**Given data:**

Lemma one_var_system_solvable (I : finType) (e a : I -> R) :
  (forall i, a i = 0 -> 0 <= e i) ->
  (forall p q, 0 < a p -> a q < 0 -> 0 <= - a q * e p + a p * e q) ->
  exists t, forall i, 0 <= e i + a i * t.
Proof.
move=> e_ge0 pair_ge0.
have lower p t : 0 < a p -> (0 <= e p + a p * t) = (- e p / a p <= t).
  by move=> ap; rewrite ler_pdivrMr // mulrC; apply/idP/idP => ?; lra.
have upper q t : a q < 0 -> (0 <= e q + a q * t) = (t <= - e q / a q).
  by move=> aq; rewrite ler_ndivlMr // mulrC; apply/idP/idP => ?; lra.
have sep p q : 0 < a p -> a q < 0 -> - e p / a p <= - e q / a q.
  move=> ap aq; rewrite -upper //.
  have : a p * (- e p / a p) = - e p by rewrite mulrC divfK ?gt_eqF.
  have := pair_ge0 p q ap aq; set t := - e p / a p; nra.
have [p ap|no_pos] := pickP (fun p => 0 < a p).
  have [pm apm pm_max] := @arg_maxP _ _ I p (fun p => 0 < a p) (fun p => - e p / a p) ap.
  exists (- e pm / a pm) => i.
  case: (ltrgtP (a i) 0) => ai; last by rewrite ai mul0r addr0 e_ge0.
    by rewrite upper // sep.
  by rewrite lower //; apply: pm_max.
have [q aq|no_neg] := pickP (fun q => a q < 0).
  have [qm aqm qm_min] := @arg_minP _ _ I q (fun q => a q < 0) (fun q => - e q / a q) aq.
  exists (- e qm / a qm) => i.
  case: (ltrgtP (a i) 0) => ai; last by rewrite ai mul0r addr0 e_ge0.
    by rewrite upper //; apply: qm_min.
  by move: (no_pos i); rewrite /= ai.
exists 0 => i; rewrite mulr0 addr0; apply: e_ge0.
case: (ltrgtP (a i) 0) => // ai.
  by move: (no_neg i); rewrite /= ai.
by move: (no_pos i); rewrite /= ai.
Qed.

(* Coefficients are indexed by nat so that eliminating the last variable does
   not change their type. *)
Definition affine_nat N (c0 : R) (c x : nat -> R) : R := c0 + \sum_(j < N) c j * x j.

Lemma sum_delta (I : finType) (i0 : I) (f : I -> R) : \sum_i (i == i0)%:R * f i = f i0.
Proof. by rewrite (bigD1 i0) //= eqxx mul1r big1 ?addr0 // => i /negPf ->; rewrite mul0r. Qed.

Section Elimination.
Variables (I : finType) (N : nat) (c0 : I -> R) (c : I -> nat -> R).

(* Row i itself when its coefficient on variable N vanishes, and for p, q with
   coefficients of opposite signs on variable N the combination cancelling it. *)
Definition elim_weight (k : I + I * I) (i : I) : R :=
  match k with
  | inl i0 => ((i == i0) && (c i0 N == 0))%:R
  | inr (p, q) => if (0 < c p N) && (c q N < 0)
                  then (i == p)%:R * - c q N + (i == q)%:R * c p N else 0
  end.

Lemma elim_weight_ge0 k i : 0 <= elim_weight k i.
Proof.
case: k => [i0|[p q]] /=; first exact: ler0n.
case: ifP => // /andP [cp cq].
by apply: addr_ge0; apply: mulr_ge0; rewrite ?ler0n ?oppr_ge0 ?ltW.
Qed.

Lemma sum_elim_weight k (f : I -> R) :
  \sum_i elim_weight k i * f i =
  match k with
  | inl i0 => if c i0 N == 0 then f i0 else 0
  | inr (p, q) => if (0 < c p N) && (c q N < 0) then - c q N * f p + c p N * f q else 0
  end.
Proof.
case: k => [i0|[p q]] /=.
  case: eqP => _; last by rewrite big1 // => i _; rewrite andbF mul0r.
  by under eq_bigr do rewrite andbT; apply: sum_delta.
case: ifP => _; last by rewrite big1 // => i _; rewrite mul0r.
under eq_bigr do rewrite mulrDl -!mulrA.
by rewrite big_split /= !sum_delta.
Qed.

Definition elim_row0 k := \sum_i elim_weight k i * c0 i.
Definition elim_row k j := \sum_i elim_weight k i * c i j.

Lemma elim_row_last k : elim_row k N = 0.
Proof.
rewrite /elim_row sum_elim_weight; case: k => [i0|[p q]].
  by case: eqP.
by case: ifP => // _; rewrite mulNr mulrC addNr.
Qed.

Lemma affine_nat_elim k x :
  affine_nat N (elim_row0 k) (elim_row k) x =
  \sum_i elim_weight k i * affine_nat N (c0 i) (c i) x.
Proof.
under [RHS]eq_bigr do rewrite mulrDr mulr_sumr.
rewrite big_split /= exchange_big /affine_nat /elim_row; congr (_ + _).
by apply: eq_bigr => j _; rewrite mulr_suml; apply: eq_bigr => i _; rewrite mulrA.
Qed.

Lemma elim_feasible x :
  (forall k, 0 <= affine_nat N (elim_row0 k) (elim_row k) x) ->
  exists x', forall i, 0 <= affine_nat N.+1 (c0 i) (c i) x'.
Proof.
move=> feas.
pose e i := affine_nat N (c0 i) (c i) x.
have {}feas k : 0 <= \sum_i elim_weight k i * e i by rewrite -affine_nat_elim.
have [t Ht] : exists t, forall i, 0 <= e i + c i N * t.
  apply: one_var_system_solvable => [i ci|p q cp cq].
    by have := feas (inl i); rewrite sum_elim_weight ci eqxx.
  by have := feas (inr (p, q)); rewrite sum_elim_weight cp cq.
exists (fun j => if j == N then t else x j) => i.
rewrite /affine_nat big_ord_recr /= eqxx addrA.
suff -> : \sum_(j < N) c i j * (if (j : nat) == N then t else x j) = \sum_(j < N) c i j * x j.
  exact: Ht.
by apply: eq_bigr => j _; rewrite ltn_eqF.
Qed.
Lemma mcs_univ D chi : MCS D ->
  (forall O, MCS O -> ceq O D -> O (emb chi)) -> D (univ chi).
Proof.
  intros HD Hall. apply mcs_univ_of_lits; [exact HD|].
  destruct (classic (consistent (fset_add (lits D) (Neg (emb chi))))) as [Hc|Hi].
  - exfalso. destruct (lindenbaum _ Hc) as [O [HO HS]].
    assert (HOD : ceq O D)
      by (apply (lit_ceq D O HD HO); intros x Hx; apply HS; left; exact Hx).
    apply (proj1 (mcs_neg O _ HO) (HS _ (or_intror eq_refl))), Hall; assumption.
  - apply NNPP, deduction in Hi. apply (derives_taut _ _ _ Hi); truth_table.
Qed.

Lemma mcs_cnd_conj D p r1 r2 : MCS D -> D (Cnd p r1) -> D (Cnd p r2) ->
  D (Cnd p (CAnd r1 r2)).
Proof.
  intros HD H1 H2.
  assert (HR : Prv (Impl (condConj p r1 [r2]) (Cnd p (CAnd r1 r2))))
    by (apply R_RCK, Ax_taut; truth_table).
  apply (mcs_mp D _ _ HD (mcs_prv D _ HD HR)). cbn.
  apply (mcs_conj D _ _ HD); split; assumption.
Qed.

(* The detour through φ ∧ (r → q) is needed because RCK only accepts
   classical premises, whereas r → q is derived from literals. *)
Lemma mcs_cnd_of_lits D p r q : MCS D -> D (Cnd p r) ->
  derives (lits D) (emb (CImp r q)) -> D (Cnd p q).
Proof.
  intros HD Hr Hrq.
  assert (Hx : D (univ (CIff p (CAnd p (CImp r q))))).
  { apply mcs_univ_of_lits; [exact HD|].
    apply (derives_taut _ _ _ Hrq); truth_table. }
  assert (Hpx : D (Cnd p (CAnd p (CImp r q)))).
  { assert (Heq := mcs_mp D _ _ HD
                     (mcs_prv D _ HD (Ax_eq _ _ (CAnd p (CImp r q)))) Hx).
    apply (proj1 (mcs_iff D _ _ HD) Heq).
    apply mcs_prv; [exact HD|apply Ax_id]. }
  assert (HR : Prv (Impl (condConj p (CAnd p (CImp r q)) [r]) (Cnd p q)))
    by (apply R_RCK, Ax_taut; truth_table).
  apply (mcs_mp D _ _ HD (mcs_prv D _ HD HR)). cbn.
  apply (mcs_conj D _ _ HD); split; assumption.
Qed.

Lemma exist_likely D p q : MCS D -> ~ D (Cnd p q) ->
  exists O, MCS O /\ ceq O D /\ likely D p O /\ O (Neg (emb q)).
Proof.
  intros HD Hn.
  set (Sg := fun x => fset_add (lits D) (Neg (emb q)) x \/
                      exists r, D (Cnd p r) /\ x = emb r).
  destruct (classic (consistent Sg)) as [Hc|Hi].
  - destruct (lindenbaum _ Hc) as [O [HO HS]]. exists O.
    split; [exact HO|split; [|split]].
    + apply (lit_ceq D O HD HO); intros x Hx; apply HS; left; left; exact Hx.
    + intros r Hr; apply HS; right; exists r; split; [exact Hr|reflexivity].
    + apply HS; left; right; reflexivity.
  - exfalso; apply Hn. apply NNPP in Hi.
    destruct (derives_absorb (fset_add (lits D) (Neg (emb q)))
                             (fun r => D (Cnd p r)) p Bot)
      as [r [Hr Hrb]].
    + apply mcs_prv; [exact HD|apply Ax_id].
    + intros r1 r2; apply mcs_cnd_conj, HD.
    + exact Hi.
    + apply (mcs_cnd_of_lits D p r q HD Hr).
      apply deduction in Hrb. apply (derives_taut _ _ _ Hrb); truth_table.
Qed.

**Task details:** In the answer, give the lines from the first line of the data through the line with "have lower p", exactly as they appear and with no additions.

**Solution to the exercise:**
Lemma one_var_system_solvable (I : finType) (e a : I -> R) :
  (forall i, a i = 0 -> 0 <= e i) ->
  (forall p q, 0 < a p -> a q < 0 -> 0 <= - a q * e p + a p * e q) ->
  exists t, forall i, 0 <= e i + a i * t.
Proof.
move=> e_ge0 pair_ge0.
have lower p t : 0 < a p -> (0 <= e p + a p * t) = (- e p / a p <= t).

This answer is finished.